Where a line below holds the string "Prop", that line goes into the answer.

-------- Supplied data --------

Lemma interior_lt f g z : cont2 f -> cont2 g -> f z < g z -> Defs.interior (fun w => f w < g w) z.
Proof.
  intros Hf Hg Hz; destruct (cont2_sub g f Hg Hf z (g z - f z)) as [r [Hr H]]; [lra|].
  exists r; split; auto; intros w Hw; specialize (H w Hw); apply Rabs_def2 in H; lra.
Qed.

Section Cells.

Variables (D : pt -> Prop) (phi : nat -> pt -> R).
Hypothesis Hcont : forall k, (k < 3)%nat -> cont2 (phi k).

Lemma closure_Omega_le j m y : (j < 3)%nat -> (m < 3)%nat ->
  closure (Omega D phi j) y -> phi j y <= phi m y.
Proof.
  intros Hj Hm Hcl; destruct (Nat.eq_dec m j) as [->|Hne]; [lra|].
  destruct (Rle_lt_dec (phi j y) (phi m y)) as [|Hlt]; auto; exfalso.
  destruct (interior_lt (phi m) (phi j) y (Hcont m Hm) (Hcont j Hj) Hlt) as [r [Hr Hle]].
  destruct (Hcl r Hr) as [z [[e [He Hz]] Hzy]].
  destruct (Hz z) as [_ Hmin]; [rewrite dist2_refl; auto|].
  specialize (Hmin m Hm Hne); specialize (Hle z Hzy); lra.
Qed.
(* Let $(G,\ell,\mathcal{C})$ be a triplet, let $k,q_1,q_2$ be nonnegative integers, and let $q'=2^{k\cdot q_2}\cdot q_1+1$. Suppose $C_1,C_2,\ldots,C_{q'}\subseteq V(G)$ are pairwise disjoint vertex sets, each of size at most $k$, which pairwise have the same type in $(G,\ell,\mathcal{C})$. Let $\phi$ be an MSO formula in prenex form with $q_1$ vertex (FO) quantifiers and $q_2$ set (MSO) quantifiers. Then $G,\ell,\mathcal{C}\models\phi$ if and only if $G\setminus C_1,\ell,\mathcal{C}_1\models\phi$, where $\mathcal{C}_1$ is the restriction of $\mathcal{C}$ to $V(G)\setminus C_1$.
   Context: Graphs are finite and simple. There are vertex constants $u_1,u_2,\ldots$ and set constants $D_1,D_2,\ldots$, vertex variables $x_1,x_2,\ldots$ and set variables $X_1,X_2,\ldots$. A triplet $(G,\ell,\mathcal{C})$ consists of a graph $G$, a partial function $\ell$ (labeling) from vertex constants to $V(G)$, and a partial function $\mathcal{C}$ (coloring) from set constants to subsets of $V(G)$. MSO formulas are generated by $\phi\to\exists X.\phi\mid\exists x.\phi\mid\phi\lor\phi\mid\neg\phi\mid y\sim y\mid y=y\mid y\in Y$, where $y$ is a vertex variable or vertex constant and $Y$ a set variable or set constant. Semantics: $G,\ell,\mathcal{C}\models u_i\in D_j$ iff $\ell(u_i)$ is defined and $\ell(u_i)\in\mathcal{C}(D_j)$ (with $\mathcal{C}(D_j)$ defined); $u_i=u_j$ iff both are defined and $\ell(u_i)=\ell(u_j)$; $u_i\sim u_j$ iff both defined and $\ell(u_i)\ell(u_j)\in E(G)$; $\lor,\neg$ as usual; $G,\ell,\mathcal{C}\models\exists x_i.\phi$ iff there is $v\in V(G)$ such that $G,\ell',\mathcal{C}\models\phi[x_i\setminus u_i]$, where $\ell(u_i)$ is undefined, $\phi[x_i\setminus u_i]$ replaces every occurrence of $x_i$ by $u_i$, and $\ell'$ agrees with $\ell$ except $\ell'(u_i)=v$; similarly $G,\ell,\mathcal{C}\models\exists X_i.\phi$ iff there is $S\subseteq V(G)$ such that $G,\ell,\mathcal{C}'\models\phi[X_i\setminus D_i]$ where $\mathcal{C}(D_i)$ is undefined and $\mathcal{C}'$ agrees with $\mathcal{C}$ except $\mathcal{C}'(D_i)=S$. Otherwise the formula is not satisfied. Prenex form: all quantifiers at the beginning. An isomorphism between triplets $(G_1,\ell_1,\mathcal{C}_1)$ and $(G_2,\ell_2,\mathcal{C}_2)$ is a bijection $f:V(G_1)\to V(G_2)$ preserving adjacency and non-adjacency such that for every $u_i$ either both $\ell_1(u_i),\ell_2(u_i)$ are undefined or $f(\ell_1(u_i))=\ell_2(u_i)$, and for every $D_i$ either both $\mathcal{C}_1(D_i),\mathcal{C}_2(D_i)$ are undefined or $f(\mathcal{C}_1(D_i))=\mathcal{C}_2(D_i)$. Two sets $C_1,C_2\subseteq V(G)$ have the same type in $(G,\ell,\mathcal{C})$ if there is an isomorphism $f$ from $(G,\ell,\mathcal{C})$ to itself mapping elements of $C_1$ to $C_2$, elements of $C_2$ to $C_1$, and every vertex of $V(G)\setminus(C_1\cup C_2)$ to itself. The restriction of $\mathcal{C}$ to $V(G)\setminus C_1$ is the coloring $\mathcal{C}_1$ with $\mathcal{C}_1(D_i)=\mathcal{C}(D_i)\setminus C_1$ whenever $\mathcal{C}(D_i)$ is defined, and undefined otherwise. *)

From mathcomp Require Import all_boot.
Set Implicit Arguments. Unset Strict Implicit. Unset Printing Implicit Defensive.

(* A triplet (G, l, C) over an ambient finite type T of potential vertices:
   V(G) = tV, adjacency tE (only its restriction to tV matters),
   labeling tl : vertex constants u_i -> option vertex,
   coloring tc : set constants D_i -> option vertex set. *)
Record triplet (T : finType) := Triplet {
  tV : {set T};
  tE : rel T;
  tl : nat -> option T;
  tc : nat -> option {set T} }.

Definition wf_triplet (T : finType) (t : triplet T) : Prop :=
  (forall x y, tE t x y = tE t y x) /\ (forall x, ~~ tE t x x) /\
  (forall i v, tl t i = Some v -> v \in tV t) /\
  (forall i S, tc t i = Some S -> S \subset tV t).

Inductive vterm := VVar of nat | VCon of nat.
Inductive sterm := SVar of nat | SCon of nat.
Inductive mso :=
| ExV of nat & mso
| ExS of nat & mso
| Or of mso & mso
| Not of mso
| Adj of vterm & vterm
| Eqv of vterm & vterm
| Mem of vterm & sterm.

Definition substVt (i : nat) (y : vterm) : vterm :=
  match y with VVar j => if j == i then VCon i else y | _ => y end.
Definition substSt (i : nat) (Y : sterm) : sterm :=
  match Y with SVar j => if j == i then SCon i else Y | _ => Y end.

--------

Task response:
Variables (D : pt -> Prop) (phi : nat -> pt -> R).
Definition wf_triplet (T : finType) (t : triplet T) : Prop :=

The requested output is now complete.